Par un mémoire en défense, enregistré le 30 mai 2023, le préfet de police conclut au rejet de la requête.
Il soutient que :
— la responsabilité de l’Etat ne peut pas être engagée en l’absence d’illégalité fautive de l’arrêté du 7 juillet 2017 ;
— le moyen tiré de l’insuffisante motivation de l’arrêté est inopérant dès lors qu’une insuffisance de motivation ne peut pas ouvrir droit à une indemnisation ; à titre subsidiaire, ce moyen n’est pas fondé ;
— le moyen tiré de la violation de la procédure contradictoire est inopérant dès lors que la requérante ne démontre pas que ce vice a eu un effet sur la fermeture de l’établissement ; à titre subsidiaire, ce moyen n’est pas fondé ;
— le moyen tiré de l’inexactitude matérielle des faits n’est pas fondé dès lors que le tribunal judiciaire a déclaré la nullité des mises en demeure des 7 mars, 24 mars, 16 mai et
18 mai 2017 émises par l’URSSAF sans annuler le procès-verbal dressé à l’issue du contrôle réalisé le 4 novembre 2016 constatant le délit de travail dissimulé ni se prononcer sur la matérialité des faits de travail dissimulé et de minoration des salaires déclarés établis par l’URSSAF ;
— le moyen tiré de la violation de l’article L. 8272-2 du code du travail n’est pas fondé ; les arguments tirés de l’expérience du président de la société et de l’absence de précédent sont inopérants pour apprécier la proportionnalité de la mesure ;
— ni le lien de causalité entre la faute invoquée et les préjudices moral et financier allégués ni la réalité de ces préjudices ne sont établis ;
— à titre subsidiaire, le préjudice d’exploitation n’est établi qu’à hauteur de la somme de 60 493 euros.

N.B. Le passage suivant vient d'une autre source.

Lemma continuous_kernel_majorant n a b y z e W x : continuous (kernel_majorant n a b y z e W) x.
Proof.
  unfold kernel_majorant. set (lam := INR n ^ b / INR n ^ a).
  apply (continuous_plus _ (fun _ => W)); [|apply continuous_const].
  apply (continuous_mult (fun _ => e)); [apply continuous_const|].
  apply (continuous_mult _ (fun _ => / 2)); [|apply continuous_const].
  apply (continuous_plus (fun x => lam * powsum_norm2 n a (y - x))
                         (fun x => powsum_norm2 n b (z - x) / lam)).
  - apply (continuous_mult (fun _ => lam)); [apply continuous_const|].
    apply continuous_powsum_norm2_shift.
  - apply (continuous_mult _ (fun _ => / lam)); [|apply continuous_const].
    apply continuous_powsum_norm2_shift.
Qed.

Lemma deriv_kernel_pointwise_le n a b s u v x d e K M :
  (0 < n)%nat -> 0 <= e -> 0 <= K -> Rabs u <= M -> Rabs v <= M ->
  Rabs d <= e + K * sin ((x - s) / 2) ^ 2 ->
  Rabs (d * deriv_kernel n a b (s + u / INR n) (s + v / INR n) x)
  <= kernel_majorant n a b (s + u / INR n) (s + v / INR n) e
       (K * (2 * (1 + M / 2) ^ 2 * (INR n ^ a * INR n ^ b))) x.
Proof.
  intros Hn He HK Hu Hv Hd. assert (HN : 0 < INR n) by (apply lt_0_INR; lia).
  unfold deriv_kernel, kernel_majorant. set (T := cos_bisum _ _ _ _ _).
  set (sg := Rabs (sin ((x - s) / 2))).
  assert (Hsg : sin ((x - s) / 2) ^ 2 = sg ^ 2) by (unfold sg; rewrite pow2_abs; reflexivity).
  assert (Hshift : forall w, Rabs w <= M -> Rabs (w / INR n) / 2 * INR n <= M / 2).
  { intros w Hw. unfold Rdiv. rewrite Rabs_mult, Rabs_inv, (Rabs_pos_eq (INR n)) by lra.
    replace (Rabs w * / INR n * / 2 * INR n) with (Rabs w / 2) by (field; lra). lra. }
  assert (Hweight : sg ^ 2 * Rabs T <= 2 * (1 + M / 2) ^ 2 * (INR n ^ a * INR n ^ b)).
  { apply (weighted_cos_bisum_pow_le _ _ _ _ _ _ _ (Rabs (u / INR n) / 2) (Rabs (v / INR n) / 2));
      try apply Hshift; auto.
    - apply Rabs_pos.
    - apply Rabs_sin_half_sub_le.
    - apply Rabs_sin_half_sub_le.
    - pose proof (Rabs_pos (u / INR n)). lra.
    - pose proof (Rabs_pos (v / INR n)). lra. }
  assert (Hamgm := Rabs_cos_bisum_pow_le n a b (s + u / INR n - x) (s + v / INR n - x)
                     (INR a * (PI / 2) - INR b * (PI / 2)) (INR n ^ b / INR n ^ a)).
  fold T in Hamgm. specialize (Hamgm ltac:(apply Rdiv_lt_0_compat; apply pow_lt; lra)).
  rewrite Rabs_mult, Hsg in *. pose proof (Rabs_pos T). pose proof (Rabs_pos d).
  apply Rle_trans with ((e + K * sg ^ 2) * Rabs T); [apply Rmult_le_compat_r; lra|].
  pose proof (Rmult_le_compat_l e _ _ He Hamgm).
  pose proof (Rmult_le_compat_l K _ _ HK Hweight).
  nra.
Qed.

Lemma RInt_kernel_majorant_le n a b y z e W : (0 < n)%nat -> 0 <= e ->
  RInt (kernel_majorant n a b y z e W) 0 (2 * PI) <= 2 * PI * (e * INR n ^ (a + b + 1) + W).
Proof.
  intros Hn He. assert (HN : 0 < INR n) by (apply lt_0_INR; lia). pose proof PI_RGT_0.
  set (lam := INR n ^ b / INR n ^ a).
  assert (Hlam : 0 < lam) by (apply Rdiv_lt_0_compat; apply pow_lt; lra).
  set (P := fun x => powsum_norm2 n a (y - x)). set (Q := fun x => powsum_norm2 n b (z - x)).
  assert (HP : ex_RInt P 0 (2 * PI))
    by (apply ex_RInt_continuous_R; intro; apply continuous_powsum_norm2_shift).
  assert (HQ : ex_RInt Q 0 (2 * PI))
    by (apply ex_RInt_continuous_R; intro; apply continuous_powsum_norm2_shift).
  rewrite (RInt_ext _ (fun x => ((e * lam / 2) * P x + (e / (2 * lam)) * Q x) + W))
    by (intros; unfold kernel_majorant, P, Q, lam; simpl; field; split; apply pow_nonzero; lra).
  rewrite (RInt_plus (fun x => (e * lam / 2) * P x + (e / (2 * lam)) * Q x) (fun _ => W)).
  - rewrite RInt_lin_comb, RInt_const by assumption.
    pose proof (RInt_powsum_norm2_le n a y) as HintP.
    pose proof (RInt_powsum_norm2_le n b z) as HintQ.
    assert (0 <= e * lam / 2) by (apply Rdiv_le_0_compat; nra).
    assert (0 <= e / (2 * lam)) by (apply Rdiv_le_0_compat; lra).
    apply Rle_trans with (e * lam / 2 * (2 * PI * (INR n * (INR n ^ a * INR n ^ a)))
                          + e / (2 * lam) * (2 * PI * (INR n * (INR n ^ b * INR n ^ b)))
                          + scal (2 * PI - 0) W).
    + apply Rplus_le_compat_r, Rplus_le_compat; apply Rmult_le_compat_l; assumption.
    + right. unfold scal; simpl; unfold mult; simpl. unfold lam.
      rewrite !pow_add. simpl pow. field. repeat split; try apply pow_nonzero; lra.
  - apply (ex_RInt_plus (fun x => (e * lam / 2) * P x) (fun x => (e / (2 * lam)) * Q x)).
    + apply (ex_RInt_scal P), HP.
    + apply (ex_RInt_scal Q), HQ.
  - apply ex_RInt_const.
Qed.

Par une ordonnance du 15 janvier 2024, la clôture de l’instruction a été fixée, en dernier lieu, au 19 février 2024 à 12 heures.

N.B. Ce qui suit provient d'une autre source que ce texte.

(* Let $\hat s:\Delta_{\mathcal Y}\times\mathcal Y\to\mathbb R\cup\{\pm\infty\}$ be a permutation-invariant regular classical scoring rule, $\mathcal Y=\{1,\dots,n\}$, and let $S=S[\hat s]$ be the corresponding spectral quantum score on $\mathbb C^n$. Then $S$ is truthful if and only if $\hat s$ is proper, and $S$ is strictly truthful if and only if $\hat s$ is strictly proper.
   Context: $\lambda(\rho)$ denotes the eigenvalues of $\rho$ in decreasing order; $\mathrm{Dens}(\mathbb C^n)$ the density matrices; $\langle X,Y\rangle=\mathrm{Tr}(X^*Y)$. A classical scoring rule $\hat s$ has expected score $\hat s(q;p)=\sum_yp_y\hat s(q,y)$ ($0\cdot\pm\infty=0$); it is proper if $\hat s(q;p)\le\hat s(p;p)$ for all $p,q\in\Delta_{\mathcal Y}$, strictly proper if strict for $q\neq p$, regular if $\hat s(q;p)\in\mathbb R\cup\{-\infty\}$ and $\hat s(p;p)\in\mathbb R$ for all $p,q$; permutation-invariant if $\hat s(p,y)=\hat s(\pi p,\pi_y)$ for every permutation $\pi$, $(\pi p)_y=p_{\pi_y}$. The spectral score $S[\hat s]=(s,\mu^{\mathrm{spec}})$: $\mu^{\mathrm{spec}}(\rho)=\{x_yx_y^*\}_{y\in\mathcal Y}$ for an arbitrary orthonormal eigenbasis with $\rho=\sum_y\lambda(\rho)_yx_yx_y^*$, and $s(\rho,y)=\hat s(\lambda(\rho),y)$; expected score $S(\rho';\rho)=\sum_y\langle\mu^{\mathrm{spec}}(\rho')_y,\rho\rangle s(\rho',y)$. $S$ is truthful if $S(\rho;\rho)\ge S(\rho';\rho)$ for all $\rho,\rho'$, strictly truthful if strict when $\rho'\neq\rho$. *)

From HB Require Import structures.
From mathcomp Require Import all_boot all_order all_fingroup all_algebra.
From mathcomp Require Import reals constructive_ereal.
From mathcomp.real_closed Require Import complex.

Set Implicit Arguments.
Unset Strict Implicit.
Unset Printing Implicit Defensive.

Import Order.TTheory GRing.Theory Num.Theory.
Local Open Scope ring_scope.
Local Open Scope sesquilinear_scope.

Section Defs.
Variables (R : realType) (n : nat).

Definition prob_vec (p : 'rV[R]_n) : Prop :=
  (forall y, 0 <= p ord0 y) /\ \sum_(y < n) p ord0 y = 1.

(** A classical scoring rule  s : Delta_Y x Y -> R U {+-oo}
    (only its values on Delta_Y matter). *)
Definition scoring_rule := 'rV[R]_n -> 'I_n -> \bar R.

(** Expected score  s(q;p) = sum_y p_y s(q,y), with 0 * (+-oo) = 0
    (this is the convention of mathcomp's extended-real product). *)
Definition exp_score (s : scoring_rule) (q p : 'rV[R]_n) : \bar R :=
  (\sum_(y < n) (p ord0 y)%:E * s q y)%E.

Definition proper_score (s : scoring_rule) : Prop :=
  forall p q, prob_vec p -> prob_vec q -> (exp_score s q p <= exp_score s p p)%E.

Definition strictly_proper_score (s : scoring_rule) : Prop :=
  forall p q, prob_vec p -> prob_vec q -> q != p ->
    (exp_score s q p < exp_score s p p)%E.

Definition regular (s : scoring_rule) : Prop :=
  forall p q, prob_vec p -> prob_vec q ->
    exp_score s q p != +oo%E /\ exp_score s p p \is a fin_num.

Definition perm_vec (pi : 'S_n) (p : 'rV[R]_n) : 'rV[R]_n :=
  \row_y p ord0 (pi y).

Definition perm_invariant (s : scoring_rule) : Prop :=
  forall (pi : 'S_n) p y, prob_vec p -> s p y = s (perm_vec pi p) ((pi^-1)%g y).

Definition density (rho : 'M[R[i]]_n) : Prop :=
  rho ^t* = rho /\
  (forall v : 'rV[R[i]]_n, 0 <= (v *m rho *m v ^t*) ord0 ord0) /\
  \tr rho = 1.

(** An eigenbasis choice assigns to each matrix rho a matrix U rho whose rows
    x_y^* (y in Y) form the chosen orthonormal eigenbasis. *)
Definition eigbasis_choice := 'M[R[i]]_n -> 'M[R[i]]_n.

Vu les autres pièces du dossier.
Vu :
— le code des relations entre le public et l’administration ;
— le code de la santé publique ;
— le code du travail ;
— le code de justice administrative.
Les parties ont été régulièrement averties du jour de l’audience.
Ont été entendus au cours de l’audience publique :
— le rapport de Mme Armoët,
— les conclusions de Mme Castéra, rapporteure publique,
— et les observations de Me Scanvic, représentant la société Liberté Beaugrenelle.
Considérant ce qui suit :
1. La société Liberté Beaugrenelle exploite notamment un restaurant à l’enseigne « L’Eclectic » situé 2 rue Linois dans le 15ème arrondissement de Paris. La société Liberté Beaugrennelle a fait l’objet d’un contrôle par les services D Ile-de-France à compter du mois de juillet 2016. A l’issue de ce contrôle, l’inspecteur D a notamment constaté les infractions de travail dissimulé par dissimulation d’emploi de salariés en raison, d’une part, d’une minoration intentionnelle du montant des salaires déclarés auprès D, d’autre part, de l’emploi non déclaré de deux personnes, la femme du président de la société (Mme C B) entre le 1er octobre 2013 et le 31 mars 2014 et son fils (A B) les 6 janvier, 16 février et 18 septembre 2015. Par un arrêté du
7 juillet 2017, pris en application des dispositions de l’article L. 3332-15 du code de la santé publique et du code du travail, le préfet de police a prononcé la fermeture administrative du restaurant « L’Eclectic » pour une durée de quinze jours à compter de sa notification au motif que l’exploitant s’est abstenu d’effectuer la déclaration préalable à l’embauche d’une personne auprès des services D et qu’il a, de surcroît, minoré le montant des salaires déclarés.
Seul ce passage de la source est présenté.